É o que comprovaram com uma estranha pedra encontrada na jazida arqueológica de Syltholm, no sul da Dinamarca. Enterrado sob uma camada de lodo que ajudou em sua preservação, os arqueólogos identificaram um pedaço de breu ou alcatrão de bétula de 5.858 a 5.660 de idade. Já no Paleolítico, os antigos humanos usavam essa resina obtida da queima da casca dessa árvore. Por sua presença nas juntas de armas e ferramentas, deviam usá-la como cola. Em várias dessas pedras negras encontradas no norte da Europa descobriram marcas de mordidas, de modo que deviam mascá-la para amolecê-la.
A análise dessas marcas permitiu ver que continham muita informação genética. Em uma pesquisa publicada na revista Nature Communications, os cientistas que estudaram essa goma de mascar encontraram quantidade suficiente de DNA humano para sequenciar o genoma completo do indivíduo. De sua leitura, concluíram que a pessoa que mastigava a resina de bétula devia ser uma mulher e, por seu perfil genético, teria a tez e o cabelo escuros, enquanto os olhos seriam claros.

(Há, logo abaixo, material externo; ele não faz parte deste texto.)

(* Let $\mathbb{X}^0_1=\mathbb{X}^1_1:=2^\omega$, $\mathbb{A}^0_1:=\{(0^\infty,0^\infty)\}$ and $\mathbb{A}^1_1:=\{(0^i1\alpha,0^i1\beta)\mid i\in\omega,\ \alpha,\beta\in2^\omega\}$. Let $X,Y$ be Polish spaces and $A_0,A_1$ disjoint subsets of $X\times Y$. Then exactly one of the following holds: (a) there is a countable union $S$ of sets $U\times V$ with $U$ open in $X$ and $V$ open in $Y$ such that $A_0\subseteq S$ and $S\cap A_1=\emptyset$; (b) there are continuous maps $f,g:2^\omega\to X,Y$ respectively (i.e. $f:2^\omega\to X$, $g:2^\omega\to Y$) such that $(f\times g)(\mathbb{A}^0_1)\subseteq A_0$ and $(f\times g)(\mathbb{A}^1_1)\subseteq A_1$.
   Context: $0^i1\alpha$ denotes the element of $2^\omega$ consisting of $i$ zeros, then $1$, then $\alpha$; $0^\infty$ is the constant zero sequence. $(f\times g)(x,y)=(f(x),g(y))$. *)

From HB Require Import structures.
From mathcomp Require Import all_boot all_order all_algebra.
From mathcomp Require Import all_classical all_reals all_analysis.
From mathcomp Require Import Rstruct Rstruct_topology.
Set Implicit Arguments. Unset Strict Implicit. Unset Printing Implicit Defensive.
Import Order.TTheory GRing.Theory Num.Theory.
Local Open Scope classical_set_scope.
Local Open Scope ring_scope.

Section Polish.
Variable T : topologicalType.

Definition is_metric (d : T -> T -> Rdefinitions.R) : Prop :=
  [/\ (forall x y, 0 <= d x y),
      (forall x y, d x y = 0 <-> x = y),
      (forall x y, d x y = d y x) &
      (forall x y z, d x z <= d x y + d y z)].

Definition dball (d : T -> T -> Rdefinitions.R) (x : T) (e : Rdefinitions.R) : set T := [set y | d x y < e].

Definition metric_compatible (d : T -> T -> Rdefinitions.R) : Prop :=
  forall A : set T, open A <-> (forall x, A x -> exists2 e : Rdefinitions.R, 0 < e & dball d x e `<=` A).

Definition d_cauchy (d : T -> T -> Rdefinitions.R) (u : nat -> T) : Prop :=
  forall e : Rdefinitions.R, 0 < e -> exists N : nat, forall m n : nat,
    (N <= m)%N -> (N <= n)%N -> d (u m) (u n) < e.

Definition d_complete (d : T -> T -> Rdefinitions.R) : Prop :=
  forall u : nat -> T, d_cauchy d u -> exists l : T, u @ \oo --> l.

Definition separable_space : Prop := exists D : set T, countable D /\ dense D.

Definition polish_space : Prop :=
  separable_space /\
  exists d : T -> T -> Rdefinitions.R, [/\ is_metric d, metric_compatible d & d_complete d].
End Polish.

Definition zero_seq : cantor_space := fun _ => false.

Definition pad_seq (i : nat) (a : cantor_space) : cantor_space :=
  fun n => if (n < i)%N then false else if n == i then true else a (n - i.+1)%N.

Definition A01 : set (cantor_space * cantor_space) := [set (zero_seq, zero_seq)].
Definition A11 : set (cantor_space * cantor_space) :=
  [set p | exists (i : nat) (a b : cantor_space), p = (pad_seq i a, pad_seq i b)].

Definition prod_map (X Y : Type) (f : cantor_space -> X) (g : cantor_space -> Y)
  (p : cantor_space * cantor_space) : X * Y := (f p.1, g p.2).

From HB Require Import structures.
From mathcomp Require Import all_boot all_order all_algebra.
From mathcomp Require Import all_classical all_reals all_analysis.
From mathcomp Require Import Rstruct Rstruct_topology.
Import Order.TTheory GRing.Theory Num.Theory.
Set Implicit Arguments. Unset Strict Implicit. Unset Printing Implicit Defensive.
Local Open Scope classical_set_scope.
Local Open Scope ring_scope.

(* Both alternatives are decided by whether A0 meets the closure of A1 in X * Y.
   If it does not, each point of A0 lies in a basic open rectangle missing A1, and
   second countability leaves only countably many such rectangles: this is (a).
   If (x, y) in A0 is the limit of points (u_i, v_i) of A1, the maps sending 0^oo
   to x (resp. y) and 0^i 1 alpha to u_i (resp. v_i) are continuous: this is (b).
   Conversely, (a) keeps A0 away from the closure of A1, while under (b) the
   points (f (0^i 1 0^oo), g (0^i 1 0^oo)) of A1 converge to the point
   (f 0^oo, g 0^oo) of A0. *)

Lemma cantor_prefix_nbhs (a : cantor_space) (n : nat) :
  nbhs a [set b : cantor_space | forall j, (j < n)%N -> b j = a j].
Proof.
elim: n => [|n IH]; first by apply: filterS filterT.
have agree_n : nbhs a [set b : cantor_space | b n = a n].
  by apply: (@proj_continuous nat (fun=> bool) n a [set a n]); exact/principal_filterP.
apply: filterS (filterI IH agree_n) => b [agree_lt agree_eq] j.
by rewrite ltnS leq_eqVlt => /orP[/eqP->//|]; exact: agree_lt.
Qed.

Lemma pad_seq_zero_cvg : (pad_seq ^~ zero_seq) @ \oo --> zero_seq.
Proof.
apply/cvg_sup => j U [V] [[W] oW <-] WfN WU.
apply: (filterS WU); rewrite nbhs_simpl; exists j.+1 => // i /= ji.
by rewrite /pad_seq (leq_trans _ ji).
Qed.

Section CantorSelect.
Variables (T : Type) (x : T) (xs : nat -> T).

Definition cantor_select (a : cantor_space) : T :=
  if pselect (exists i, a i) is left h then xs (ex_minn h) else x.

Lemma cantor_select_first (a : cantor_space) i :
  a i -> (forall j, (j < i)%N -> ~~ a j) -> cantor_select a = xs i.
Proof.
move=> ai before_i; rewrite /cantor_select; case: pselect => [h|[]]; last by exists i.
case: ex_minnP => m am m_min; congr (xs _); apply/eqP; rewrite eqn_leq m_min //=.
by rewrite leqNgt; apply/negP => /before_i; rewrite am.
Qed.

Lemma cantor_select_late (a : cantor_space) n :
  (forall j, (j < n)%N -> ~~ a j) ->
  cantor_select a = x \/ exists2 i, (n <= i)%N & cantor_select a = xs i.
Proof.
move=> before_n; rewrite /cantor_select; case: pselect => [h|_]; last by left.
right; case: ex_minnP => m am _; exists m => //.
by rewrite leqNgt; apply/negP => /before_n; rewrite am.
Qed.

Lemma cantor_select_none (a : cantor_space) : (forall j, ~~ a j) -> cantor_select a = x.
Proof.
move=> never; rewrite /cantor_select; case: pselect => // -[i ai].
by have := never i; rewrite ai.
Qed.

Lemma cantor_select_zero : cantor_select zero_seq = x.
Proof. exact: cantor_select_none. Qed.

Lemma cantor_select_pad i a : cantor_select (pad_seq i a) = xs i.
Proof.
apply: cantor_select_first; first by rewrite /pad_seq ltnn eqxx.
by move=> j ji; rewrite /pad_seq ji.
Qed.

End CantorSelect.

Lemma cantor_select_continuous (T : topologicalType) (x : T) (xs : nat -> T) :
  xs @ \oo --> x -> continuous (cantor_select x xs).
Proof.
move=> xs_x a W /= aW; have [h|none] := pselect (exists i, a i).
  have [i ai i_min] := ex_minnP h.
  have before_i j : (j < i)%N -> ~~ a j.
    by move=> ji; apply/negP => /i_min; rewrite leqNgt ji.
  apply: filterS (cantor_prefix_nbhs a i.+1) => b agree.
  rewrite /= (@cantor_select_first _ _ _ b i) ?agree //; last first.
    by move=> j ji; rewrite agree ?before_i // (ltn_trans ji).
  by rewrite -(cantor_select_first x xs ai before_i); exact: nbhs_singleton.
have never j : ~~ a j by apply/negP => aj; apply: none; exists j.
rewrite cantor_select_none // in aW; have [n _ late_W] := xs_x W aW.
apply: filterS (cantor_prefix_nbhs a n) => b agree /=.
have b_never j : (j < n)%N -> ~~ b j by move=> jn; rewrite agree.
have [->|[i ni ->]] := cantor_select_late x xs b_never; last exact: late_W.
exact: nbhs_singleton.
Qed.

Section MetricSpace.
Variables (T : topologicalType) (d : T -> T -> Rdefinitions.R).
Hypotheses (d_metric : is_metric d) (d_compat : metric_compatible d).

Let d_refl x : d x x = 0. Proof. by have [_ d_eq0 _ _] := d_metric; exact/d_eq0. Qed.
Let d_sym x y : d x y = d y x. Proof. by have [] := d_metric. Qed.
Let d_tri x y z : d x z <= d x y + d y z. Proof. by have [] := d_metric. Qed.

Lemma dball_center x e : 0 < e -> dball d x e x.
Proof. by rewrite /dball /= d_refl. Qed.

Lemma dball_open x e : open (dball d x e).
Proof.
apply/d_compat => y xy; exists (e - d x y); first by rewrite subr_gt0.
by move=> z yz; apply: le_lt_trans (d_tri x y z) _; rewrite -ltrBrDl.
Qed.

Lemma dball_nbhs x e : 0 < e -> nbhs x (dball d x e).
Proof. by move=> e0; apply: open_nbhs_nbhs; split; [exact: dball_open | exact: dball_center]. Qed.

Lemma nbhs_dball x W : nbhs x W -> exists2 e, 0 < e & dball d x e `<=` W.
Proof.
rewrite nbhsE => -[B [oB Bx] BW].
have [e e0 eB] := (proj1 (d_compat B) oB) x Bx.
by exists e => //; exact: subset_trans BW.
Qed.

Let inv_natS_gt0 k : 0 < k.+1%:R^-1 :> Rdefinitions.R.
Proof. by rewrite invr_gt0 ltr0Sn. Qed.

Lemma dball_cvg x (u : nat -> T) :
  (forall k, d x (u k) < k.+1%:R^-1) -> u @ \oo --> x.
Proof.
move=> ux W /nbhs_dball[e e0 eW].
apply: filterS (near_infty_natSinv_lt (PosNum e0)) => k ke.
by apply: eW; exact: lt_trans (ux k) ke.
Qed.

Lemma separable_second_countable : separable_space T -> @second_countable T.
Proof.
move=> [D [D_count D_dense]].
exists [set dball d qk.1 qk.2.+1%:R^-1 | qk in D `*` [set: nat]].
  exact: sub_countable (card_image_le _ _) (countableX D_count (countableP _)).
split; first by move=> _ [[q k] _ <-]; exact: dball_open.
move=> x W /nbhs_dball[e e0 eW].
have [k ke] := filter_ex (near_infty_natSinv_lt (PosNum (divr_gt0 e0 (@ltr0n _ 2)))).
have [q [xq Dq]] := D_dense (dball d x k.+1%:R^-1)
  (ex_intro _ x (dball_center x (inv_natS_gt0 k))) (dball_open x _).
exists (dball d q k.+1%:R^-1); first split.
- by exists (q, k).
- by rewrite /dball /= d_sym.
- move=> y qy; apply: eW; apply: le_lt_trans (d_tri x q y) _.
  by rewrite (splitr e) ltrD // (lt_trans _ ke).
Qed.

End MetricSpace.

Lemma polish_second_countable (T : topologicalType) :
  polish_space T -> @second_countable T.
Proof.
by move=> [T_sep [d [d_metric d_compat _]]]; exact: separable_second_countable d_compat T_sep.
Qed.

Lemma countable_enum (T : choiceType) (t0 : T) (R : set T) :
  countable R -> exists e : nat -> T, R `<=` range e /\ range e `<=` t0 |` R.
Proof.
move=> /countable_injP[f f_inj].
exists (fun n => xget t0 [set t | R t /\ f t = n]); split.
  move=> t Rt; exists (f t) => //.
  have [Rt' ft'] := xgetPex t0 (ex_intro (fun t' => R t' /\ f t' = f t) t (conj Rt erefl)).
  by apply: f_inj; rewrite ?inE.
by move=> _ [n _ <-]; case: xgetP => [t -> [Rt _]|_]; [right | left].
Qed.

Section RectangleSeparation.
Variables (X Y : topologicalType) (A0 A1 : set (X * Y)).

Definition rectangle_separation : Prop :=
  exists (U : nat -> set X) (V : nat -> set Y),
    [/\ (forall n, open (U n) /\ open (V n)),
        A0 `<=` \bigcup_n (U n `*` V n) &
        (\bigcup_n (U n `*` V n)) `&` A1 = set0].

Definition cantor_reduction : Prop :=
  exists (f : cantor_space -> X) (g : cantor_space -> Y),
    [/\ continuous f, continuous g,
        prod_map f g @` A01 `<=` A0 &
        prod_map f g @` A11 `<=` A1].

Lemma rectangle_separation_closure :
  rectangle_separation -> A0 `&` closure A1 = set0.
Proof.
move=> [U [V [UV_open A0_cover cover_A1]]].
apply/seteqP; split => // z [/A0_cover[n _ [zU zV]] clz].
have [U_open V_open] := UV_open n.
have [w [A1w [wU wV]]] : A1 `&` (U n `*` V n) !=set0.
  by apply: clz; exists (U n, V n) => //; split; exact: open_nbhs_nbhs.
suff : ((\bigcup_n (U n `*` V n)) `&` A1) w by rewrite cover_A1.
by split => //; exists n.
Qed.

Lemma closure_rectangle_separation :
  @second_countable X -> @second_countable Y ->
  A0 `&` closure A1 = set0 -> rectangle_separation.
Proof.
move=> [BX BX_count [BX_open BX_basis]] [BY BY_count [BY_open BY_basis]] A0_clA1.
pose R := [set p : set X * set Y | [/\ BX p.1, BY p.2 & (p.1 `*` p.2) `&` A1 = set0]].
have R_count : countable R.
  apply: sub_countable (countableX BX_count BY_count).
  by apply: subset_card_le => p [].
have [e [R_e e_R]] := countable_enum (set0, set0) R_count.
exists (fst \o e), (snd \o e); split.
- move=> n; have /e_R[/= ->|[/BX_open U_open /BY_open V_open _]] : range e (e n) by exists n.
    by split; exact: open0.
  by split.
- move=> z A0z.
  have /existsNP[B /not_implyP[zB A1B]] : ~ closure A1 z.
    by move=> clz; rewrite -[False]/(@set0 (X * Y) z) -A0_clA1.
  case: zB => -[P Q] [/= zP zQ] PQB.
  have [U [BXU Uz] UP] := BX_basis z.1 P zP.
  have [V [BYV Vz] VQ] := BY_basis z.2 Q zQ.
  have [n _ en] : range e (U, V).
    apply: R_e; split => //; apply/seteqP; split => // w [[wU wV] A1w].
    by apply: A1B; exists w; split => //; apply: PQB; split; [exact: UP | exact: VQ].
  by exists n => //=; rewrite en.
- apply/seteqP; split => // w [[n _ [wU wV]] A1w].
  have /e_R[/= en|[_ _ eA1]] : range e (e n) by exists n.
    by rewrite /= en in wU.
  by rewrite -eA1.
Qed.

Lemma cantor_reduction_closure : cantor_reduction -> A0 `&` closure A1 !=set0.
Proof.
move=> [f [g [f_cont g_cont f_A0 g_A1]]].
exists (f zero_seq, g zero_seq); split; first by apply: f_A0; exists (zero_seq, zero_seq).
move=> B [[P Q] [/= fP gQ] PQB].
have f_pad : \forall n \near \oo, P (f (pad_seq n zero_seq)).
  exact: cvg_comp pad_seq_zero_cvg (f_cont zero_seq) _ fP.
have g_pad : \forall n \near \oo, Q (g (pad_seq n zero_seq)).
  exact: cvg_comp pad_seq_zero_cvg (g_cont zero_seq) _ gQ.
have [n [Pn Qn]] := filter_ex (filterI f_pad g_pad).
exists (f (pad_seq n zero_seq), g (pad_seq n zero_seq)); split; last exact: PQB.
apply: g_A1; exists (pad_seq n zero_seq, pad_seq n zero_seq) => //.
by exists n, zero_seq, zero_seq.
Qed.

Lemma closure_cantor_reduction :
  polish_space X -> polish_space Y -> A0 `&` closure A1 !=set0 -> cantor_reduction.
Proof.
move=> [_ [dX [dX_metric dX_compat _]]] [_ [dY [dY_metric dY_compat _]]].
move=> [[x y] [A0xy clxy]].
have near_A1 k : exists w, [/\ A1 w, dX x w.1 < k.+1%:R^-1 & dY y w.2 < k.+1%:R^-1].
  have r_gt0 : 0 < k.+1%:R^-1 :> Rdefinitions.R by rewrite invr_gt0 ltr0Sn.
  have [|w [A1w [wx wy]]] := clxy (dball dX x k.+1%:R^-1 `*` dball dY y k.+1%:R^-1).
    by exists (dball dX x k.+1%:R^-1, dball dY y k.+1%:R^-1) => //; split; exact: dball_nbhs.
  by exists w.
have [w w_A1] := choice near_A1.
exists (cantor_select x (fst \o w)), (cantor_select y (snd \o w)); split.
- by apply/cantor_select_continuous/(dball_cvg dX_compat) => k; have [] := w_A1 k.
- by apply/cantor_select_continuous/(dball_cvg dY_compat) => k; have [] := w_A1 k.
- by move=> _ [_ -> <-]; rewrite /prod_map /= !cantor_select_zero.
- move=> _ [_ [i [a [b ->]]] <-]; rewrite /prod_map /= !cantor_select_pad.
  by have [] := w_A1 i; rewrite -surjective_pairing.
Qed.

End RectangleSeparation.

Theorem corollary3p8 (X Y : topologicalType)
  (hX : polish_space X) (hY : polish_space Y)
  (A0 A1 : set (X * Y)) (hdisj : A0 `&` A1 = set0) :
  let alt_a := exists (U : nat -> set X) (V : nat -> set Y),
      [/\ (forall n, open (U n) /\ open (V n)),
          A0 `<=` \bigcup_n (U n `*` V n) &
          (\bigcup_n (U n `*` V n)) `&` A1 = set0] in
  let alt_b := exists (f : cantor_space -> X) (g : cantor_space -> Y),
      [/\ continuous f, continuous g,
          prod_map f g @` A01 `<=` A0 &
          prod_map f g @` A11 `<=` A1] in
  (alt_a \/ alt_b) /\ ~ (alt_a /\ alt_b).
Proof.
(* The dichotomy holds without the disjointness hypothesis [hdisj]. *)
move=> alt_a alt_b.
have sepE : alt_a <-> A0 `&` closure A1 = set0.
  split; first exact: rectangle_separation_closure.
  by apply: closure_rectangle_separation; exact: polish_second_countable.
have redE : alt_b <-> A0 `&` closure A1 !=set0.
  by split; [exact: cantor_reduction_closure | exact: closure_cantor_reduction].
split; last by move=> [/sepE cl0 /redE[z]]; rewrite cl0.
have [cl0|/eqP/set0P cl] := pselect (A0 `&` closure A1 = set0).
  by left; exact/sepE.
by right; exact/redE.
Qed.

“O breu de bétula era usado principalmente na manufatura de ferramentas de pedra, mas também poderia ter sido utilizado para aliviar dor de dente, já que tem propriedades antissépticas e antibacterianas”, diz o professor da Universidade de Copenhague e coautor do estudo Hannes Schroeder.

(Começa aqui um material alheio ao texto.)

(* Assume $h$ satisfies Assumption 1. If $B^s\ge B^d+1$, then $\hat B^d=B^d$ and $\hat\epsilon(x,i)=0$ for all $i\in\{0,1\}$ and $x=0,1,\dots,B^s$.
   Context: Parameters: $\lambda>0$, $0<\mu_l<\mu_h$, $\delta=\mu_h-\mu_l$, $\Lambda=\lambda+\mu_h$, $R\ge 0$, $c>0$, discount rate $\beta>0$ with the normalization $\Lambda+\beta=1$, and $h:\{0,1,2,\dots\}\to\mathbb{R}$ nondecreasing and convex with $h(0)=0$. Assumption 1: (1) there is $\theta>1$ with $h(x+1)\le\theta h(x)$ for all $x>0$; (2) there exist $\gamma\in[0,1)$ and a positive integer $J$ with $\left(\frac{\Lambda}{\Lambda+\beta}\right)^J[R+c+h(x+J)]\le\gamma[R+c+h(x)]$ for all $x\ge0$. Combined problem finite-horizon values on $S=\{0,1,\dots\}\times\{0,1\}$: $v_0\equiv0$, $v_{n+1}(0,0)=\lambda v_n(0,1)+\mu_h v_n(0,0)$; $v_{n+1}(x,0)=-h(x)+\lambda v_n(x,1)+\mu_l v_n(x-1,0)+\max\{\delta v_n(x,0),-c+\delta v_n(x-1,0)\}$ for $x\ge1$; $v_{n+1}(x,1)=\max\{R+v_{n+1}(x+1,0),v_{n+1}(x,0)\}$. Admission-control subproblem: $\hat v$ defined identically except that the max in the $(x,0)$ equation is replaced by $\delta\hat v_n(x,0)$ (service rate always $\mu_l$). Infinite-horizon values: $v=\lim_n v_n$ and $\hat v=\lim_n\hat v_n$ (pointwise limits, which exist under Assumption 1); they are the optimal infinite-horizon discounted profits of the combined problem and of the admission control subproblem. $\hat\epsilon(x,i)=v(x,i)-\hat v(x,i)$ (value of service flexibility). With $\Delta(x,0)=v(x,0)-v(x+1,0)$, $\hat\Delta(x,0)=\hat v(x,0)-\hat v(x+1,0)$ and $T_f(\theta)=\sup\{k\ge0:f(k)\le\theta\}$ ($\sup\emptyset=-1$, $+\infty$ allowed), the stationary optimal thresholds are $B^s=1+T_{\Delta(\cdot,0)}(c/\delta)$ (high rate used in states $x>B^s$, low rate otherwise), $B^d=T_{\Delta(\cdot,0)}(R)$ (admit iff $x\le B^d$) for the combined problem, and $\hat B^d=T_{\hat\Delta(\cdot,0)}(R)$ for the subproblem. *)

From Stdlib Require Import Reals Lra ZArith.
Open Scope R_scope.

(* States (x,i): x : nat, i : bool with false = 0, true = 1. *)

(* One step of value iteration for the combined problem.
   lam, mul, muh are lambda, mu_l, mu_h; rw is the reward R; c the cost. *)
Definition step_comb (lam mul muh rw c : R) (h : nat -> R)
  (v : nat -> bool -> R) : nat -> bool -> R :=
  let delta := muh - mul in
  let w0 := fun x : nat => match x with
    | O => lam * v O true + muh * v O false
    | S y => - h x + lam * v x true + mul * v y false
             + Rmax (delta * v x false) (- c + delta * v y false)
    end in
  fun x i => if i then Rmax (rw + w0 (S x)) (w0 x) else w0 x.

(* Admission-control subproblem: service rate always mu_l. *)
Definition step_adm (lam mul muh rw : R) (h : nat -> R)
  (v : nat -> bool -> R) : nat -> bool -> R :=
  let delta := muh - mul in
  let w0 := fun x : nat => match x with
    | O => lam * v O true + muh * v O false
    | S y => - h x + lam * v x true + mul * v y false + delta * v x false
    end in
  fun x i => if i then Rmax (rw + w0 (S x)) (w0 x) else w0 x.

Definition vn (lam mul muh rw c : R) (h : nat -> R) (n : nat) : nat -> bool -> R :=
  Nat.iter n (step_comb lam mul muh rw c h) (fun _ _ => 0).

Definition vhatn (lam mul muh rw : R) (h : nat -> R) (n : nat) : nat -> bool -> R :=
  Nat.iter n (step_adm lam mul muh rw h) (fun _ _ => 0).

Inductive ext : Type := Fin (z : Z) | PInf.

Definition ext_le (a b : ext) : Prop :=
  match a, b with
  | _, PInf => True
  | PInf, Fin _ => False
  | Fin x, Fin y => (x <= y)%Z
  end.

Definition ext_add1 (a : ext) : ext :=
  match a with Fin z => Fin (z + 1) | PInf => PInf end.

(* T_f(theta) = sup {k >= 0 : f k <= theta}, with sup of the empty set = -1
   and +∞ allowed: [is_T f theta t] says t is this supremum (least upper
   bound in Z ∪ {+∞} of the set, taken together with the convention -1). *)
Definition is_T (f : nat -> R) (theta : R) (t : ext) : Prop :=
  ext_le (Fin (-1)) t /\
  (forall k : nat, f k <= theta -> ext_le (Fin (Z.of_nat k)) t) /\
  (forall u : ext, ext_le (Fin (-1)) u ->
     (forall k : nat, f k <= theta -> ext_le (Fin (Z.of_nat k)) u) ->
     ext_le t u).

(* Write e(x) = v(x,0) - vhat(x,0) and eT(x) = v(x,1) - vhat(x,1) for the value of
   service flexibility, and Delta(x) = v(x,0) - v(x+1,0).
   1. Value iteration preserves "nonincreasing and concave" (dec_concave), the
      comparison vhat <= v and simple a priori bounds; all pass to the limits, which
      also satisfy the Bellman equations (section Model).
   2. Up to B^s the low rate is optimal in the combined problem, so there e obeys the
      subproblem's balance equation e = lam eT + mul e(x-1) + delta e(x); admission
      gives eT(x) <= e(x+1) where the combined problem admits and eT(x) <= e(x) else.
   3. For finite B^d a discrete maximum principle forces e = 0 on [0, B^s]
      (max_principle).  For B^d = +oo, a positive e would grow geometrically at rate
      (lam + beta)/lam, which Assumption 1(2) excludes (balanced_bounded_vanishes).
   4. Then eT = 0 as well, Delta and its subproblem analogue define the same
      admission region, and the two admission thresholds coincide. *)

From Stdlib Require Import Reals Lra Lia ZArith.
Open Scope R_scope.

No genoma sequenciado não encontraram a mutação que permite que a maior parte dos humanos modernos beba leite animal sem sofrer indigestão. Tal mutação apareceu há 10.000 anos e deve ter se propagado de maneira paulatina desde então. Toda essa informação permite aos autores do estudo identificar a garota como membro de algum grupo de caçadores-coletores que ainda não havia entrado na nova era do Neolítico europeu trazido por novos povoadores do leste e sudeste do continente. Mas o chiclete ainda tinha muito mais para contar.
“Também obtivemos DNA de micróbios bucais e vários patógenos humanos importantes”, diz Schroeder. No microbioma oral encontraram bactérias comensais benéficas, como a Neisseria subflava, mas também prejudiciais, como a Porphyromonas gingivalis e a Treponema denticola, o que indica que a mulher tinha uma séria periodontite, o que reforçaria o uso do chiclete como calmante. Além disso, a análise das marcas também permitiu identificar o rastro do vírus de Epstein-Barr, que ataca as células das glândulas salivares. Por último, os pesquisadores também encontraram genes que não eram humanos e bacterianos: uns eram de origem animal, os de um pato-real, e outros de procedência vegetal, mais concretamente avelãs. Deve ter sido o que a garota comeu pouco antes de mascar o chiclete de bétula.
Esse chiclete de 6.000 anos atrás não é primeiro encontrado nessa região do planeta. Em 2007, uma pesquisadora britânica encontrou na Finlândia uma amostra dessa resina de bétula com marcas de dentes humanos, mas à época não existia a tecnologia para analisar a presença de DNA humano. Também foi encontrado por um grupo de pesquisadores suecos em três pedaços, cujo rastro genético pertencia a dois homens e uma mulher, em uma jazida arqueológica de Huseby-Klev, na costa oeste da Suécia, cujos resultados foram publicados em abril.
Tal concentração de chicletes com marcas humanas não parece extraordinária à pesquisadora da Universidade de Uppsala (Suécia) e principal autora da descoberta do primeiro semestre de 2019 Natalija Kashuba: “Até agora encontramos um total de 4 amostras de DNA, nosso trabalho com três amostras de chiclete (e 3 indivíduos) e essa da Dinamarca. Acho que simplesmente tem ocorrido tanto um interesse por parte da comunidade arqueológica como a disponibilidade de laboratórios de DNA antigo para realizar a análise dessas gomas de mascar pré-históricas. Foi uma combinação de amostras bem conservadas, curiosidade científica e, claro, um pouco de sorte”.